## 问题：为什么tuple（set（[（1，“ a”，“ b”，“ c”，“ z”，“ f”]））==元组（set（[（a，b，c） “ z”，“ f”，1]））85％的时间启用了哈希随机化？

``````x = tuple(set([1, "a", "b", "c", "z", "f"]))
y = tuple(set(["a", "b", "c", "z", "f", 1]))
print(x == y)``````

`True`在启用散列随机化的情况下，大约打印时间的85％。为什么是85％？

Given Zero Piraeus’ answer to another question, we have that

``````x = tuple(set([1, "a", "b", "c", "z", "f"]))
y = tuple(set(["a", "b", "c", "z", "f", 1]))
print(x == y)
``````

Prints `True` about 85% of the time with hash randomization enabled. Why 85%?

## 回答 0

``_ _ _ _ _ _ _ _``

``_ 1 _ _ _ _ _ _``

``α 1 ? ? ? ? ? ?``

``````    1 can't collide with α as α is an even hash
↓ so 1 is inserted at slot 1 first
? 1 ? ? ? ? ? ? ? ? ? ? ? ? ? ? ? ? ? ? ? ? ? ? ? ? ? ? ? ? ? ?``````

``? β ? ? ? ? ? ?``

``````    Try to insert 1 here, but will
↓ be rehashed if β exists
? β ? ? ? ? ? ?``````

``````    Try to insert 1 here, but will
be rehashed if β exists and has
↓ not rehashed somewhere else
? β ? ? ? ? ? ? ? ? ? ? ? ? ? ? ? ? ? ? ? ? ? ? ? ? ? ? ? ? ? ?``````

β的机率是5个字母中的任何一个都将以1模8 哈希以1模32哈希的概率。

``5 (number of letters) / 32 (number of slots)``

5/32为0.15625，因此在两个固定结构之间有15.625％的订单概率不同

¹从技术上讲，这并不明显。我们可以假装5个散列中的每一个都是唯一的，因为需要重新哈希处理，但是由于线性探测，实际上更有可能发生“成束的”结构……但是因为我们只查看是否占用了一个插槽，所以实际上不会影响我们。

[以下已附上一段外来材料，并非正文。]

(* Let $\mathbf{A}=(A_1,\ldots,A_n)$ be a POVM on $\mathbb{C}^2$. Then $\mathbf{A}$ is projective-simulable if and only if the pair $\{\mathbf{A},\bar{\mathbf{A}}\}$ is jointly measurable, where $\bar{\mathbf{A}}=(\bar A_1,\ldots,\bar A_n)$ with $\bar A_i=\mathrm{Tr}(A_i)\mathbb{I}-A_i$.
   Context: A POVM on $\mathbb{C}^d$ with $n$ outcomes is a tuple $\mathbf{A}=(A_1,\ldots,A_n)$ of positive semidefinite operators with $\sum_a A_a=\mathbb{I}$ (some effects may be zero); it is projective if all effects are projectors. Given a set $\mathcal{B}=\{\mathbf{B}^{(j)}\}_j$ of POVMs, a POVM $\mathbf{A}$ with $n$ outcomes is $\mathcal{B}$-simulable if there are a probability distribution $p(j)$ over (finitely many) elements of $\mathcal{B}$ and conditional probability distributions $q(i|j,i')$ (over $i\in\{1,\ldots,n\}$, for each $j$ and each outcome $i'$ of $\mathbf{B}^{(j)}$) such that $A_i=\sum_j p(j)\sum_{i'}q(i|j,i')B^{(j)}_{i'}$ for all $i$. $\mathbf{A}$ is projective-simulable if it is $\mathcal{B}$-simulable with $\mathcal{B}$ the set of all projective POVMs on $\mathbb{C}^d$. For a qubit operator $A=a\mathbb{I}+\vec v\cdot\vec\sigma$ ($\vec\sigma$ the Pauli matrices), the antipodal operator is $\bar A=a\mathbb{I}-\vec v\cdot\vec\sigma=\mathrm{Tr}(A)\mathbb{I}-A$. A pair of POVMs $\mathbf{A}$, $\mathbf{A}'$ is jointly measurable if there is a POVM $(M_{ab})$ with $\sum_b M_{ab}=A_a$ and $\sum_a M_{ab}=A'_b$ for all $a,b$. *)

(* Complex scalars: an arbitrary numClosedFieldType C
   (e.g. algC); the order on C is the usual partial order, so 0 <= x means
   x is real and nonnegative. *)
From HB Require Import structures.
From mathcomp Require Import all_boot all_order all_algebra.
Set Implicit Arguments. Unset Strict Implicit. Unset Printing Implicit Defensive.
Import Order.TTheory GRing.Theory Num.Theory.
Local Open Scope ring_scope.

Section QDefs.
Variable C : numClosedFieldType.

Definition adjmx (m n : nat) (A : 'M[C]_(m, n)) : 'M[C]_(n, m) := (map_mx Num.conj A)^T.

Definition psd (d : nat) (A : 'M[C]_d) : Prop :=
  adjmx A = A /\ forall v : 'cV[C]_d, 0 <= (adjmx v *m A *m v) 0 0.

Definition is_povm (d n : nat) (A : 'I_n -> 'M[C]_d) : Prop :=
  (forall i, psd (A i)) /\ \sum_(i < n) A i = 1%:M.

Definition is_projective_povm (d n : nat) (A : 'I_n -> 'M[C]_d) : Prop :=
  is_povm A /\ forall i, A i *m A i = A i.

(* B-simulability with B = all projective POVMs on C^d: a finite family
   (indexed by 'I_m) of projective POVMs B j with k j outcomes, a probability
   distribution p on the family, and conditional distributions q j i' i. *)
Definition proj_simulable (d n : nat) (A : 'I_n -> 'M[C]_d) : Prop :=
  exists (m : nat) (k : 'I_m -> nat)
         (B : forall j : 'I_m, 'I_(k j) -> 'M[C]_d)
         (p : 'I_m -> C)
         (q : forall j : 'I_m, 'I_(k j) -> 'I_n -> C),
    (forall j, is_projective_povm (B j)) /\
    (forall j, 0 <= p j) /\ \sum_(j < m) p j = 1 /\
    (forall j i' i, 0 <= q j i' i) /\
    (forall j i', \sum_(i < n) q j i' i = 1) /\
    (forall i, A i = \sum_(j < m) p j *: \sum_(i' < k j) q j i' i *: B j i').

Definition jointly_measurable (d n n' : nat)
    (A : 'I_n -> 'M[C]_d) (A' : 'I_n' -> 'M[C]_d) : Prop :=
  exists M : 'I_n -> 'I_n' -> 'M[C]_d,
    (forall a b, psd (M a b)) /\
    \sum_(a < n) \sum_(b < n') M a b = 1%:M /\
    (forall a, \sum_(b < n') M a b = A a) /\
    (forall b, \sum_(a < n) M a b = A' b).

Definition antipodal (d : nat) (A : 'M[C]_d) : 'M[C]_d := (\tr A)%:M - A.

End QDefs.

From HB Require Import structures.
From mathcomp Require Import all_boot all_order all_algebra.
From mathcomp Require Import ring.
Import Order.TTheory GRing.Theory Num.Theory.
Set Implicit Arguments.
Unset Strict Implicit.
Unset Printing Implicit Defensive.
Local Open Scope ring_scope.

(* A qubit effect X >= 0 has eigenvalues t + r and t - r (t = Tr X / 2, r >= 0)
   on a rank-one projector P and on 1 - P; since Tr P = 1, the antipodal of X
   swaps the two eigenvalues.  Hence (δ_ia X + δ_ib X̄) / 2 is the mixture, with
   weights (t + r) / 2 and (t - r) / 2, of the measurement {P, 1 - P} relabelled
   as (a, b) and as (b, a).  Summing this over the effects M_ab of a joint
   observable of A and Ā, and using that the antipodal is an involution on
   qubits, writes A as a mixture of projective measurements.
   Conversely, a projective qubit measurement B is jointly measurable with B̄
   through M_i'i'' = (Tr B_i'' - δ_i'i'') B_i', which is positive because
   (Tr P - 1) P = det P ∈ {0, 1} for a 2 x 2 projector P; joint measurability
   is kept under classical post-processing and mixing, and the antipodal map
   is linear. *)

Lemma big_ord2 (V : nmodType) (F : 'I_2 -> V) : \sum_(i < 2) F i = F 0 + F 1.
Proof. by rewrite big_ord_recl big_ord1; congr (_ + F _); exact: val_inj. Qed.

I’m going to assume any readers of this question to have read both:

The first thing to note is that hash randomization is decided on interpreter start-up.

The hash of each letter will be the same for both sets, so the only thing that can matter is if there is a collision (where order will be affected).

By the deductions of that second link we know the backing array for these sets starts at length 8:

``````_ _ _ _ _ _ _ _
``````

In the first case, we insert `1`:

``````_ 1 _ _ _ _ _ _
``````

and then insert the rest:

``````α 1 ? ? ? ? ? ?
``````

Then it is rehashed to size 32:

``````    1 can't collide with α as α is an even hash
↓ so 1 is inserted at slot 1 first
? 1 ? ? ? ? ? ? ? ? ? ? ? ? ? ? ? ? ? ? ? ? ? ? ? ? ? ? ? ? ? ?
``````

In the second case, we insert the rest:

``````? β ? ? ? ? ? ?
``````

And then try to insert 1:

``````    Try to insert 1 here, but will
↓ be rehashed if β exists
? β ? ? ? ? ? ?
``````

And then it will be rehashed:

``````    Try to insert 1 here, but will
be rehashed if β exists and has
↓ not rehashed somewhere else
? β ? ? ? ? ? ? ? ? ? ? ? ? ? ? ? ? ? ? ? ? ? ? ? ? ? ? ? ? ? ?
``````

So whether the iteration orders are different depends solely on whether β exists.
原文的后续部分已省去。